Collected data
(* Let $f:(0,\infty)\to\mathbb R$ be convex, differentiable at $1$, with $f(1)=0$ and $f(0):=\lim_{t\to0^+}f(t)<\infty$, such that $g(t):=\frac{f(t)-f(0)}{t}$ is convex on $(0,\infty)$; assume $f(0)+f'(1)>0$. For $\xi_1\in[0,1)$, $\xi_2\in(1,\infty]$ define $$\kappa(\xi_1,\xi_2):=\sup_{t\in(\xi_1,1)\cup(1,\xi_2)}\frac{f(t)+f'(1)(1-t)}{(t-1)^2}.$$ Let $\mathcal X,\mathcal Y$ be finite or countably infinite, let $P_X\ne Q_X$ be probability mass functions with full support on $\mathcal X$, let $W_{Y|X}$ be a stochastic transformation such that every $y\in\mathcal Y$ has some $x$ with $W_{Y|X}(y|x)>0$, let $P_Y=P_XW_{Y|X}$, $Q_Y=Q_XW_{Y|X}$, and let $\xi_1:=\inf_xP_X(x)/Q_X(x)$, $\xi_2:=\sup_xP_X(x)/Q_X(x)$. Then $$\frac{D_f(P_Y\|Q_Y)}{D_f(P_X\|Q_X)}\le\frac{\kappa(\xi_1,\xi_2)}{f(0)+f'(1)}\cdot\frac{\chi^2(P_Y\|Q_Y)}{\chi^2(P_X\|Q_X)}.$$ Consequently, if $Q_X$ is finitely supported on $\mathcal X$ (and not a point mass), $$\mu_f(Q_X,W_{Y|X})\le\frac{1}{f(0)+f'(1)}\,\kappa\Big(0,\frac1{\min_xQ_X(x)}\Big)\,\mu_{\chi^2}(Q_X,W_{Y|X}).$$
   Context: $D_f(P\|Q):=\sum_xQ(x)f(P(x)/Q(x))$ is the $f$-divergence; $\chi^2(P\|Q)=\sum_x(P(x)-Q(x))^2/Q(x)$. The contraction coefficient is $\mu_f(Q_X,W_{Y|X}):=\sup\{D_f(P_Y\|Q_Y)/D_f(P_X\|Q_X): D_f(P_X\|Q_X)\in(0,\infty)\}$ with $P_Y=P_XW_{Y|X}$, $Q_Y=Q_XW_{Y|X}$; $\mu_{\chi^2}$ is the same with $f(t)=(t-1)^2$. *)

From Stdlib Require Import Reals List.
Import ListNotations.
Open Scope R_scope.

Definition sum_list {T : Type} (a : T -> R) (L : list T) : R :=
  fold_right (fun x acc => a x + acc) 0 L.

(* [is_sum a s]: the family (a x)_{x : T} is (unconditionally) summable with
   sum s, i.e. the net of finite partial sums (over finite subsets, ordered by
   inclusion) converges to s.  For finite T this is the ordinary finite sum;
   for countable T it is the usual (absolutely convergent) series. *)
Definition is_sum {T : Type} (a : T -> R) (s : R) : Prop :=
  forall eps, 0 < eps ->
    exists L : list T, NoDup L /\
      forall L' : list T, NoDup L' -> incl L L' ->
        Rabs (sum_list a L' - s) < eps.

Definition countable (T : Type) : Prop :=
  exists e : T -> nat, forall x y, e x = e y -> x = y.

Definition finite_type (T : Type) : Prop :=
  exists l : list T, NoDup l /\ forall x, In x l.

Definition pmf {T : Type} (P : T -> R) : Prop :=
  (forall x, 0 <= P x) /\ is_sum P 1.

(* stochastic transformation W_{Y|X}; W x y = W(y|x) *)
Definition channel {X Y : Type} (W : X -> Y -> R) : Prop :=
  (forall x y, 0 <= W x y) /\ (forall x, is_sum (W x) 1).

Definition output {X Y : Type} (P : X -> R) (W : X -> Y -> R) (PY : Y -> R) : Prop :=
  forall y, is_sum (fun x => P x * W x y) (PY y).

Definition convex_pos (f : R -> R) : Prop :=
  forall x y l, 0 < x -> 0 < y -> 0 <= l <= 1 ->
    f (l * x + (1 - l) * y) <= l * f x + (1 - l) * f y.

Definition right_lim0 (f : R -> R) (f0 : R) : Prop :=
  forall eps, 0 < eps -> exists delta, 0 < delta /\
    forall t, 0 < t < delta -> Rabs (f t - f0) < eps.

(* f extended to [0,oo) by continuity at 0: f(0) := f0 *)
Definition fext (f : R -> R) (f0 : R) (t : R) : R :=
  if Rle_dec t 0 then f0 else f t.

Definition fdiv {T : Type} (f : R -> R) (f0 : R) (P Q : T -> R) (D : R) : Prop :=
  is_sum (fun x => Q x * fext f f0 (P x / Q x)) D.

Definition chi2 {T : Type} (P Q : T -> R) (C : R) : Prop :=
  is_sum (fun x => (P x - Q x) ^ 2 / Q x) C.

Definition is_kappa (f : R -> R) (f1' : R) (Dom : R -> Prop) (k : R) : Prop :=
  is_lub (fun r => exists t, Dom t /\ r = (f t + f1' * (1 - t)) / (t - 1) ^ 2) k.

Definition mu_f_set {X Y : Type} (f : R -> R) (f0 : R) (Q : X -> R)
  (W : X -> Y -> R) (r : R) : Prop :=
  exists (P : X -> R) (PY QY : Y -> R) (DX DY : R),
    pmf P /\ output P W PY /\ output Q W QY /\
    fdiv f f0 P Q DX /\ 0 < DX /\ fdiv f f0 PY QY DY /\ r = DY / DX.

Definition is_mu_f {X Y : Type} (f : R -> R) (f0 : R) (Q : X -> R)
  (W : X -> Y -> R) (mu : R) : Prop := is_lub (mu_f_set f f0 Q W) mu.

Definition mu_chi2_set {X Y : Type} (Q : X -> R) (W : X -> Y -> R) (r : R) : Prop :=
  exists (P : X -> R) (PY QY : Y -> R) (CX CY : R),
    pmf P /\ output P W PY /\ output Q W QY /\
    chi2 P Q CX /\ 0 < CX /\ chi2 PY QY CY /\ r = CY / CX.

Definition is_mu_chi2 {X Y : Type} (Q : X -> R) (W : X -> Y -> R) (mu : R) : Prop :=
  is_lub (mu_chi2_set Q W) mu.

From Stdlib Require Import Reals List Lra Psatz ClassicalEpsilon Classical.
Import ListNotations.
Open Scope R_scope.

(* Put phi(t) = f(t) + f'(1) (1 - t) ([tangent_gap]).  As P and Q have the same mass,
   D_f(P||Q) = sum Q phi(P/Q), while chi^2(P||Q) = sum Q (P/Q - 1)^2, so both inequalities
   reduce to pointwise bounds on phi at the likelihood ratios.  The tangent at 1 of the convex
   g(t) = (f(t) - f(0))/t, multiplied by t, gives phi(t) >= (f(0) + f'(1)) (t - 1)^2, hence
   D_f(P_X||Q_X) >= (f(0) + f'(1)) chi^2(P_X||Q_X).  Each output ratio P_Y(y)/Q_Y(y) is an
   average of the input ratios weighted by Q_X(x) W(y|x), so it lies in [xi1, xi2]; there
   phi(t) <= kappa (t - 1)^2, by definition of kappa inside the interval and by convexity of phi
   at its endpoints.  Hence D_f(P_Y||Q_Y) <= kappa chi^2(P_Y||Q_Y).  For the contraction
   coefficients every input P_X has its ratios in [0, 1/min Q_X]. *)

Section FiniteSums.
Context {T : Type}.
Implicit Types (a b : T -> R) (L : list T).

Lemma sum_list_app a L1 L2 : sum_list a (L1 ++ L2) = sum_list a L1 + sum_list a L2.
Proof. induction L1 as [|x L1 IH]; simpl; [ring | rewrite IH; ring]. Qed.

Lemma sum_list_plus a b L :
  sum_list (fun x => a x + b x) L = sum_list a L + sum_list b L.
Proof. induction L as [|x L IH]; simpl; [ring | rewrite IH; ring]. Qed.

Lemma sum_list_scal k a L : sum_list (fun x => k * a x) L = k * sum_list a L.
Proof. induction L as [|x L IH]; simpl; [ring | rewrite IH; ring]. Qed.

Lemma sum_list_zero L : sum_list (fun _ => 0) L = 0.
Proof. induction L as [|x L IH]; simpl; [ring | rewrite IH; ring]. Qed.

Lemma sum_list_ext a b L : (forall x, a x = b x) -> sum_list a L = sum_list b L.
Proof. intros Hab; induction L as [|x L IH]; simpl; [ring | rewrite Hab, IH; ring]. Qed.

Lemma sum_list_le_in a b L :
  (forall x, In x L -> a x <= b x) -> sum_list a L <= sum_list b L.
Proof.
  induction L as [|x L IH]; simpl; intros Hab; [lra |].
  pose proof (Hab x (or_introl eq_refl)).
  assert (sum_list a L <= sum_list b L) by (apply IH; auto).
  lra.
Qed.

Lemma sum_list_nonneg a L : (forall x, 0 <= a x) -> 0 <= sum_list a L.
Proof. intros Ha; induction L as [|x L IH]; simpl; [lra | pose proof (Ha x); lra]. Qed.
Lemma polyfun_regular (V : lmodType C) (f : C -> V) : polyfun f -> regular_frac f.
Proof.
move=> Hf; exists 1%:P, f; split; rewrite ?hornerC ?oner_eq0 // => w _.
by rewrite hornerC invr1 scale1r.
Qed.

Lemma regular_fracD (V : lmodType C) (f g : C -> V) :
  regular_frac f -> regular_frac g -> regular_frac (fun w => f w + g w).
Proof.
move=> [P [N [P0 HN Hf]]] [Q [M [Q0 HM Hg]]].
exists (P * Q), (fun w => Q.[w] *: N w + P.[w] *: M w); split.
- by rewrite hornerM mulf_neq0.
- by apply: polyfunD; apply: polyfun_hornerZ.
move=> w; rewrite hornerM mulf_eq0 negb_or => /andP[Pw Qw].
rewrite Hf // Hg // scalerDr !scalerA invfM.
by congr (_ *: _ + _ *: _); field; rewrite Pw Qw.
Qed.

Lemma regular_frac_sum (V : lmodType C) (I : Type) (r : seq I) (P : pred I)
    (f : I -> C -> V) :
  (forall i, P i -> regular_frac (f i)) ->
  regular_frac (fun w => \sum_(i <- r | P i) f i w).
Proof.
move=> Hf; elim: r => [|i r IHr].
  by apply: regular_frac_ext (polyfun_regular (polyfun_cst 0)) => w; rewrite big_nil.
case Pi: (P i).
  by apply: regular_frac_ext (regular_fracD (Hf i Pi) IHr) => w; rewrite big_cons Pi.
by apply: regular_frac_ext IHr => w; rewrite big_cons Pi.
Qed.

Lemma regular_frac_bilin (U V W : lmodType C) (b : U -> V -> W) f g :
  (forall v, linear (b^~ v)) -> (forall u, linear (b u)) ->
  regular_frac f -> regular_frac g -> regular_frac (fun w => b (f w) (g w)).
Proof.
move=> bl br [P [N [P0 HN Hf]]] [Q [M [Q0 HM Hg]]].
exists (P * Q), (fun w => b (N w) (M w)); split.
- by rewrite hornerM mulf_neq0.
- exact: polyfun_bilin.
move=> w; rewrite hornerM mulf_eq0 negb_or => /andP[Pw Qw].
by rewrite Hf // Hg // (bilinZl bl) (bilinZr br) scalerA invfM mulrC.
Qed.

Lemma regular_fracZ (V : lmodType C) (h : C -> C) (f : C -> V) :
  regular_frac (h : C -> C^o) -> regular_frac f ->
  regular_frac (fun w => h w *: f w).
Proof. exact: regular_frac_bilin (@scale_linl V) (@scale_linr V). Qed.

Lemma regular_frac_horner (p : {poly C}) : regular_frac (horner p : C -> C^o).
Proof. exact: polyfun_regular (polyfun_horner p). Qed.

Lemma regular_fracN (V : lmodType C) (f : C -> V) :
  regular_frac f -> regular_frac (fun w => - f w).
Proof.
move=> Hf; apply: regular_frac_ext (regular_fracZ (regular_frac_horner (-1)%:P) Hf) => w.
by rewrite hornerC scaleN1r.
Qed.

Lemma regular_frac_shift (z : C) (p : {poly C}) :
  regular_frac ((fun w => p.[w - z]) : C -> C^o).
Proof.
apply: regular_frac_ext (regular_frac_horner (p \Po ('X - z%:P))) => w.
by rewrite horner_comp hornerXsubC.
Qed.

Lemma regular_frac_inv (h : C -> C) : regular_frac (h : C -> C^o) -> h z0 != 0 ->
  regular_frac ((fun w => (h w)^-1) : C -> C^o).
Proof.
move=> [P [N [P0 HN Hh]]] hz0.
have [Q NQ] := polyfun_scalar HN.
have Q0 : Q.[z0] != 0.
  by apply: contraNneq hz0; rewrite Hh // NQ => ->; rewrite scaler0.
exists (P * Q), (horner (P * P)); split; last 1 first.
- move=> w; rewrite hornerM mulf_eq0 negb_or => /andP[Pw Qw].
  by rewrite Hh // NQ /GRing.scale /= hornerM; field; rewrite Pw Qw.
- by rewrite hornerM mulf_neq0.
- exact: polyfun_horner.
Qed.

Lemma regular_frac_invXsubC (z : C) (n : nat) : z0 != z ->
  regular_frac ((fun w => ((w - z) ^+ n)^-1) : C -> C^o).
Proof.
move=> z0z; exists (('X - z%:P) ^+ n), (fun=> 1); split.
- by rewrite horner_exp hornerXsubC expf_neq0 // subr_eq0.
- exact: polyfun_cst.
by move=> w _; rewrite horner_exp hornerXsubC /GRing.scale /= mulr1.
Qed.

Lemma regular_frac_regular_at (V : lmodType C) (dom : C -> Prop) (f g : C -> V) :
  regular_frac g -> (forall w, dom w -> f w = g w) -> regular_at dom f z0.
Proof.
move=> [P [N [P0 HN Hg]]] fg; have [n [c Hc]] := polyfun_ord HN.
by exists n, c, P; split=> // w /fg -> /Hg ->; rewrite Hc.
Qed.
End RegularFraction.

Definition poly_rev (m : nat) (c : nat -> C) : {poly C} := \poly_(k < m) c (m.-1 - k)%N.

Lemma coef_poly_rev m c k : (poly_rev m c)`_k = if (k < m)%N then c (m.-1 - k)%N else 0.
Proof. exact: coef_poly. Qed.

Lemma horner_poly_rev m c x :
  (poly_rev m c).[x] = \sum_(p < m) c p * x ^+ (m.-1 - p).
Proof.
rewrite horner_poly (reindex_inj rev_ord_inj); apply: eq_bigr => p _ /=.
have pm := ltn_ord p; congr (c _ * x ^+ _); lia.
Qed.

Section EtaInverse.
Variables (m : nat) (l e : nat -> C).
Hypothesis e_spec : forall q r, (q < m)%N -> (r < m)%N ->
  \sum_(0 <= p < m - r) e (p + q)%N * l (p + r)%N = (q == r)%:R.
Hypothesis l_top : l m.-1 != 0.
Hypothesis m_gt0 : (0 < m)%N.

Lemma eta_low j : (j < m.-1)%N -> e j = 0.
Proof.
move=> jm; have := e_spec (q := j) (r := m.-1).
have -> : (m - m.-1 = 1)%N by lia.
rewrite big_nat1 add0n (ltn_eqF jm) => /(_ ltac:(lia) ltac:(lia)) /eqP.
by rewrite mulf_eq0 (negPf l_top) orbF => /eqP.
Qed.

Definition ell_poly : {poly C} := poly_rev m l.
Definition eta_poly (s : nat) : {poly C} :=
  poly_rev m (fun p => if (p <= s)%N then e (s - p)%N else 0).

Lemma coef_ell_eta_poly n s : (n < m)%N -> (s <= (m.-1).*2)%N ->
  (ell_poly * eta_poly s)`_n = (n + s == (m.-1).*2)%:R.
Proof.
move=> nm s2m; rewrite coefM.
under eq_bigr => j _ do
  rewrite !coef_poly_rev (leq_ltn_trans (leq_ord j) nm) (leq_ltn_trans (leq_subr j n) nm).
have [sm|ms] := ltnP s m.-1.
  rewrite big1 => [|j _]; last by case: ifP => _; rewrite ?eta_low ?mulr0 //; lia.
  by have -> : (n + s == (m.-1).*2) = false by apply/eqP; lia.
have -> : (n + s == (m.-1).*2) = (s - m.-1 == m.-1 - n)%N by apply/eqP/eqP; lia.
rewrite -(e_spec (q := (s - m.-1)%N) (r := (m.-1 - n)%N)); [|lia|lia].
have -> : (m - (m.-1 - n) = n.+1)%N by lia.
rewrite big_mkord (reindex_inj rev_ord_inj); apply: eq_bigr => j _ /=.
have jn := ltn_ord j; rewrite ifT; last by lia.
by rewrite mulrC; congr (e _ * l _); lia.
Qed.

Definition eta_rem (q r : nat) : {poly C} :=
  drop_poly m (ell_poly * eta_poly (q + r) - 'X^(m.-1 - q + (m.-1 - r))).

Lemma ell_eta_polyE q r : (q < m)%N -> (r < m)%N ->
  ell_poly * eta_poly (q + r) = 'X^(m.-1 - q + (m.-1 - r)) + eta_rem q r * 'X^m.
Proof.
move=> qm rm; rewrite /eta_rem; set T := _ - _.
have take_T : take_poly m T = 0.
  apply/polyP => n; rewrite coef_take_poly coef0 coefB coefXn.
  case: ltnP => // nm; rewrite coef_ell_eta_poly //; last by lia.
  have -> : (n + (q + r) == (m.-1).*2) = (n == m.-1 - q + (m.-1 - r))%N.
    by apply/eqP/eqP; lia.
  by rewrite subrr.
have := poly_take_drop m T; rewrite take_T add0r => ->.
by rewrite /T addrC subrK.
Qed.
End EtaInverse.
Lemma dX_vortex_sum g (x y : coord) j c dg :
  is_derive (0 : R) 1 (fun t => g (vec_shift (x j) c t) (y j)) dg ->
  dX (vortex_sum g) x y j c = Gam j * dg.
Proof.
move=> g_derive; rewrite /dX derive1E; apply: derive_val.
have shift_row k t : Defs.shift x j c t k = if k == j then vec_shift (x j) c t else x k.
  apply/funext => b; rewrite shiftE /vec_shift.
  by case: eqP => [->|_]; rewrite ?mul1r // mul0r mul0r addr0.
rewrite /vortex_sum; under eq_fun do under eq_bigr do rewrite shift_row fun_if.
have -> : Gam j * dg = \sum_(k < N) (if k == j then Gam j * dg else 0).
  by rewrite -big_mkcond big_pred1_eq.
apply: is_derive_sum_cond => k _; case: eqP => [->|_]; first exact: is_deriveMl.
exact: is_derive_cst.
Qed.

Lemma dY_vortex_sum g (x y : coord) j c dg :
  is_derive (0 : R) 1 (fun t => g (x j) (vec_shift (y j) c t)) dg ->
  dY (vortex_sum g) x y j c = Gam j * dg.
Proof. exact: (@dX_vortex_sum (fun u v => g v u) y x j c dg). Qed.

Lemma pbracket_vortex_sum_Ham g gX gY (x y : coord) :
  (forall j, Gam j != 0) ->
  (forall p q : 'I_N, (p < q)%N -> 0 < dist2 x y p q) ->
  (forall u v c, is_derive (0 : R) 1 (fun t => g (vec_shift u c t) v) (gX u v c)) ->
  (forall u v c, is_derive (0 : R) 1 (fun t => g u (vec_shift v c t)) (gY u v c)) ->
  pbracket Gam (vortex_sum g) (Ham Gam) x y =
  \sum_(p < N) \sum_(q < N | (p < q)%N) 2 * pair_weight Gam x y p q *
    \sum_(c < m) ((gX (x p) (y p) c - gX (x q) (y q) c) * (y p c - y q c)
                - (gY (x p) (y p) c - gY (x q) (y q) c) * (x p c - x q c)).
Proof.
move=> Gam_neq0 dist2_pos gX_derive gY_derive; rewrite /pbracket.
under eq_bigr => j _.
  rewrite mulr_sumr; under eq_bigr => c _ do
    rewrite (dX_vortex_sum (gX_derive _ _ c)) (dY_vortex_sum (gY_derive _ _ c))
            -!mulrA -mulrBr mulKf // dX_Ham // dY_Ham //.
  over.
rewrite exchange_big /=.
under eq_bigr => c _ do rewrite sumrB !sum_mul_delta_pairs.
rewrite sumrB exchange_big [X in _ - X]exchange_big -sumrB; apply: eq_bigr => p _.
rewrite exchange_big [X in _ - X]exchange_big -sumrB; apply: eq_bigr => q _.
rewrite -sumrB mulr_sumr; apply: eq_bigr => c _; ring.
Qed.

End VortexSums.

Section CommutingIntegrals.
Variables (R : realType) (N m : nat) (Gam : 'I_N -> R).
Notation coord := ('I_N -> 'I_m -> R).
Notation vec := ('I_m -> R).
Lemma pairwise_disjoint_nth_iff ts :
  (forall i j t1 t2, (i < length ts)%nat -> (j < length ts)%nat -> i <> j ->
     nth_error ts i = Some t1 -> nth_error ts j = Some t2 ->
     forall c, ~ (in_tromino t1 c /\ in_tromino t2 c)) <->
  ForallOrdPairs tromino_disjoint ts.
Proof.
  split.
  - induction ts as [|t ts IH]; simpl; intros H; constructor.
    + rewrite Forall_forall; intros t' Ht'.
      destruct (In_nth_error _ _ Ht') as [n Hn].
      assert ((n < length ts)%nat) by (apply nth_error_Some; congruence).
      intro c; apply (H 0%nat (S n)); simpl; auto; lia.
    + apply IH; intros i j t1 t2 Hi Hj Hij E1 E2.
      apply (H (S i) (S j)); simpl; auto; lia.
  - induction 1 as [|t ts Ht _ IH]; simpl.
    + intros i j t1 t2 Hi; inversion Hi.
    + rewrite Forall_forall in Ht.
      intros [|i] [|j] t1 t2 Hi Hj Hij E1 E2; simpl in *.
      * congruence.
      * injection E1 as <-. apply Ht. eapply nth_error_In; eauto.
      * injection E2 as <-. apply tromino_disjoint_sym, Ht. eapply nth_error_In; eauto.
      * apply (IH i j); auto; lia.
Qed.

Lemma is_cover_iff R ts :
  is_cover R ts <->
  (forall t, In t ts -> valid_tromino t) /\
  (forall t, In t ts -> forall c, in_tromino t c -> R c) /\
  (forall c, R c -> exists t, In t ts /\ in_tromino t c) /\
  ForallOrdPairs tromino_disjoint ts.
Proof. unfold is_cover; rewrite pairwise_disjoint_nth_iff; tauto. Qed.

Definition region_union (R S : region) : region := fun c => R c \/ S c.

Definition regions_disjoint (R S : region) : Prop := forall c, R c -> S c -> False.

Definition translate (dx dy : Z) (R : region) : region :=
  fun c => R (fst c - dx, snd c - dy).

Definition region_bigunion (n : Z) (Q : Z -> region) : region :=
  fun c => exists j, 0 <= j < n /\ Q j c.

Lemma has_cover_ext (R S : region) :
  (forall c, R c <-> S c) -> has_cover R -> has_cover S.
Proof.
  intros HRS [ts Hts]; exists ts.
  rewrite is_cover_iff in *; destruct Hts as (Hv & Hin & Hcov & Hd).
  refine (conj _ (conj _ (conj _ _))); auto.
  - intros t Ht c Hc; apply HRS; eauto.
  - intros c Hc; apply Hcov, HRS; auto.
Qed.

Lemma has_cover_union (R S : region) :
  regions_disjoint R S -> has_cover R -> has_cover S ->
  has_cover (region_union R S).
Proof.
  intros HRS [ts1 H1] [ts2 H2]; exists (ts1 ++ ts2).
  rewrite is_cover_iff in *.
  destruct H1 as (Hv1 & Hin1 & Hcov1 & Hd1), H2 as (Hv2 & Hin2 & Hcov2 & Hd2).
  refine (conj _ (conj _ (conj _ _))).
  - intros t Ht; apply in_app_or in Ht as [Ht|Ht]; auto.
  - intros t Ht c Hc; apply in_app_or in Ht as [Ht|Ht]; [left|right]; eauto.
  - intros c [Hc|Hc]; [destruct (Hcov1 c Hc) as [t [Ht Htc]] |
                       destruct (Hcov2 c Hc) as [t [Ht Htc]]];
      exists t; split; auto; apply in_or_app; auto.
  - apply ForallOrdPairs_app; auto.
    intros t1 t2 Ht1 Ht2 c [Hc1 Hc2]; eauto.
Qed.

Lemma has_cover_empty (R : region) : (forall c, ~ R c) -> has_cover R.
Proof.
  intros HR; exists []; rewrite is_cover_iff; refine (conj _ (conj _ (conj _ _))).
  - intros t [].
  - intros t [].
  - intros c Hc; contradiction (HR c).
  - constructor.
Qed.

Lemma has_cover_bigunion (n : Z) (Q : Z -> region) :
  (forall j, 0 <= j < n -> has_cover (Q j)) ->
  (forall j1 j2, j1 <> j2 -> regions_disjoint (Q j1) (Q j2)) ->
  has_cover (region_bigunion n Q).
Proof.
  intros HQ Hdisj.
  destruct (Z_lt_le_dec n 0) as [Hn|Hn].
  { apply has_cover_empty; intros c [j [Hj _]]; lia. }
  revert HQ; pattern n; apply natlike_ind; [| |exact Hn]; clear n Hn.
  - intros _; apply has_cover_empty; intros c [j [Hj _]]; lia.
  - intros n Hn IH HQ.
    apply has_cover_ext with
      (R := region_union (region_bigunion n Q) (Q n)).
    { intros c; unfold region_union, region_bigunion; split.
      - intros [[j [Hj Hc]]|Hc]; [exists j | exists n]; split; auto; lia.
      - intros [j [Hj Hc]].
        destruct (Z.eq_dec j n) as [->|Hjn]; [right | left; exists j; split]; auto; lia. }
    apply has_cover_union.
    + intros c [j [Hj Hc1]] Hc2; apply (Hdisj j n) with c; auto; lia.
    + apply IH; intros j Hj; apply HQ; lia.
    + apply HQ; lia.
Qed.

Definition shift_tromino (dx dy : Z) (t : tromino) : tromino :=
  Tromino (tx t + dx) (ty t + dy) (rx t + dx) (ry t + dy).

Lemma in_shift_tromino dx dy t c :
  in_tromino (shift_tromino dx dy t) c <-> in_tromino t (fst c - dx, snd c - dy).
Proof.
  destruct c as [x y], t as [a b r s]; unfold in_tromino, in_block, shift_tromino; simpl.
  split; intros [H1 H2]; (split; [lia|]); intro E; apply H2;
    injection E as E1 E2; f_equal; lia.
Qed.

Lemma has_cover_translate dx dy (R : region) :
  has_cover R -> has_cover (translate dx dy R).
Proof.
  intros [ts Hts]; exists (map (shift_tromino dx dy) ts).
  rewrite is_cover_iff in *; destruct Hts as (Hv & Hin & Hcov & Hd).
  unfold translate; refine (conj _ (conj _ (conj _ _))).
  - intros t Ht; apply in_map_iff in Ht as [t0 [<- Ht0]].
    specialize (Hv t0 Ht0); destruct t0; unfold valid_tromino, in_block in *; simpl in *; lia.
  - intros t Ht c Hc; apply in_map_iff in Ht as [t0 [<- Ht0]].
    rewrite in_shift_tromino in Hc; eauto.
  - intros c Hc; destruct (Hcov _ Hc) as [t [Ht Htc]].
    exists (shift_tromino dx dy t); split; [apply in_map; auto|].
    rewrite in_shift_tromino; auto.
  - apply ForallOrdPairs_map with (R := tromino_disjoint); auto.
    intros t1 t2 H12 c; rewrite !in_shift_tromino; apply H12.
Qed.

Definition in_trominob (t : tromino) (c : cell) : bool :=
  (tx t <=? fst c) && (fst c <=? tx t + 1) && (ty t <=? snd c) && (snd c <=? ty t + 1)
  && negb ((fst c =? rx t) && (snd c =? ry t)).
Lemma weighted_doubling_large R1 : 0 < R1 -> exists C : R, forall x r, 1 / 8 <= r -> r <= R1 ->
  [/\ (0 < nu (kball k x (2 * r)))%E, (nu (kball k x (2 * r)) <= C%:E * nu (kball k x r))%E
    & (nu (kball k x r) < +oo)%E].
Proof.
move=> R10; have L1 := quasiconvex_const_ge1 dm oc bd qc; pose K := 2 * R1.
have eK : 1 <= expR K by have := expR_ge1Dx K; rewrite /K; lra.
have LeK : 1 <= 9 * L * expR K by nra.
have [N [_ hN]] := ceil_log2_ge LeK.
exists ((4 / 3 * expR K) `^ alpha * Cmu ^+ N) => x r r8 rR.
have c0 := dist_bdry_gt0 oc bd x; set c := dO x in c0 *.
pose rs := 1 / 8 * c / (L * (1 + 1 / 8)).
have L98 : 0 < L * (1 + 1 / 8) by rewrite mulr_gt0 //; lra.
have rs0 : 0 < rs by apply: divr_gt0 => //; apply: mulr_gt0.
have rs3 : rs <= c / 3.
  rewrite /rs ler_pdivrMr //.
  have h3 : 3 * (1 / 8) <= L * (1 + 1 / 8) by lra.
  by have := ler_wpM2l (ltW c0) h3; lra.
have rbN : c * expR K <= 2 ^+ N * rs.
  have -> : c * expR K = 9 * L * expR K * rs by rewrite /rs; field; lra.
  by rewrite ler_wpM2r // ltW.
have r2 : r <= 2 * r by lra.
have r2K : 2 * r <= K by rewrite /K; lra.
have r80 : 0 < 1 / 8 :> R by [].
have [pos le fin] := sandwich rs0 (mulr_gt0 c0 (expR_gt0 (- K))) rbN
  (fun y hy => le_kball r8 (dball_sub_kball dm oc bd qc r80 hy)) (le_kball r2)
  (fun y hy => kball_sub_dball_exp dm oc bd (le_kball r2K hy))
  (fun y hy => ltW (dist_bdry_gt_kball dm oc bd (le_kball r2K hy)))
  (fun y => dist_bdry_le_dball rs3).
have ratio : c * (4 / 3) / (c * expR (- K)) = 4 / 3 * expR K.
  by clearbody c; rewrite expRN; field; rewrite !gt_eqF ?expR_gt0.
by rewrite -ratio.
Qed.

DIRECTIONS FOR THIS TASK
Set down again, word for word, the stretch of records from the line with "by exists n, c, P;" to the line with "by have -> : (n", both of those lines included.

THE ANSWER
by exists n, c, P; split=> // w /fg -> /Hg ->; rewrite Hc.
Qed.
End RegularFraction.

Definition poly_rev (m : nat) (c : nat -> C) : {poly C} := \poly_(k < m) c (m.-1 - k)%N.

Lemma coef_poly_rev m c k : (poly_rev m c)`_k = if (k < m)%N then c (m.-1 - k)%N else 0.
Proof. exact: coef_poly. Qed.

Lemma horner_poly_rev m c x :
  (poly_rev m c).[x] = \sum_(p < m) c p * x ^+ (m.-1 - p).
Proof.
rewrite horner_poly (reindex_inj rev_ord_inj); apply: eq_bigr => p _ /=.
have pm := ltn_ord p; congr (c _ * x ^+ _); lia.
Qed.

Section EtaInverse.
Variables (m : nat) (l e : nat -> C).
Hypothesis e_spec : forall q r, (q < m)%N -> (r < m)%N ->
  \sum_(0 <= p < m - r) e (p + q)%N * l (p + r)%N = (q == r)%:R.
Hypothesis l_top : l m.-1 != 0.
Hypothesis m_gt0 : (0 < m)%N.

Lemma eta_low j : (j < m.-1)%N -> e j = 0.
Proof.
move=> jm; have := e_spec (q := j) (r := m.-1).
have -> : (m - m.-1 = 1)%N by lia.
rewrite big_nat1 add0n (ltn_eqF jm) => /(_ ltac:(lia) ltac:(lia)) /eqP.
by rewrite mulf_eq0 (negPf l_top) orbF => /eqP.
Qed.

Definition ell_poly : {poly C} := poly_rev m l.
Definition eta_poly (s : nat) : {poly C} :=
  poly_rev m (fun p => if (p <= s)%N then e (s - p)%N else 0).

Lemma coef_ell_eta_poly n s : (n < m)%N -> (s <= (m.-1).*2)%N ->
  (ell_poly * eta_poly s)`_n = (n + s == (m.-1).*2)%:R.
Proof.
move=> nm s2m; rewrite coefM.
under eq_bigr => j _ do
  rewrite !coef_poly_rev (leq_ltn_trans (leq_ord j) nm) (leq_ltn_trans (leq_subr j n) nm).
have [sm|ms] := ltnP s m.-1.
  rewrite big1 => [|j _]; last by case: ifP => _; rewrite ?eta_low ?mulr0 //; lia.
  by have -> : (n + s == (m.-1).*2) = false by apply/eqP; lia.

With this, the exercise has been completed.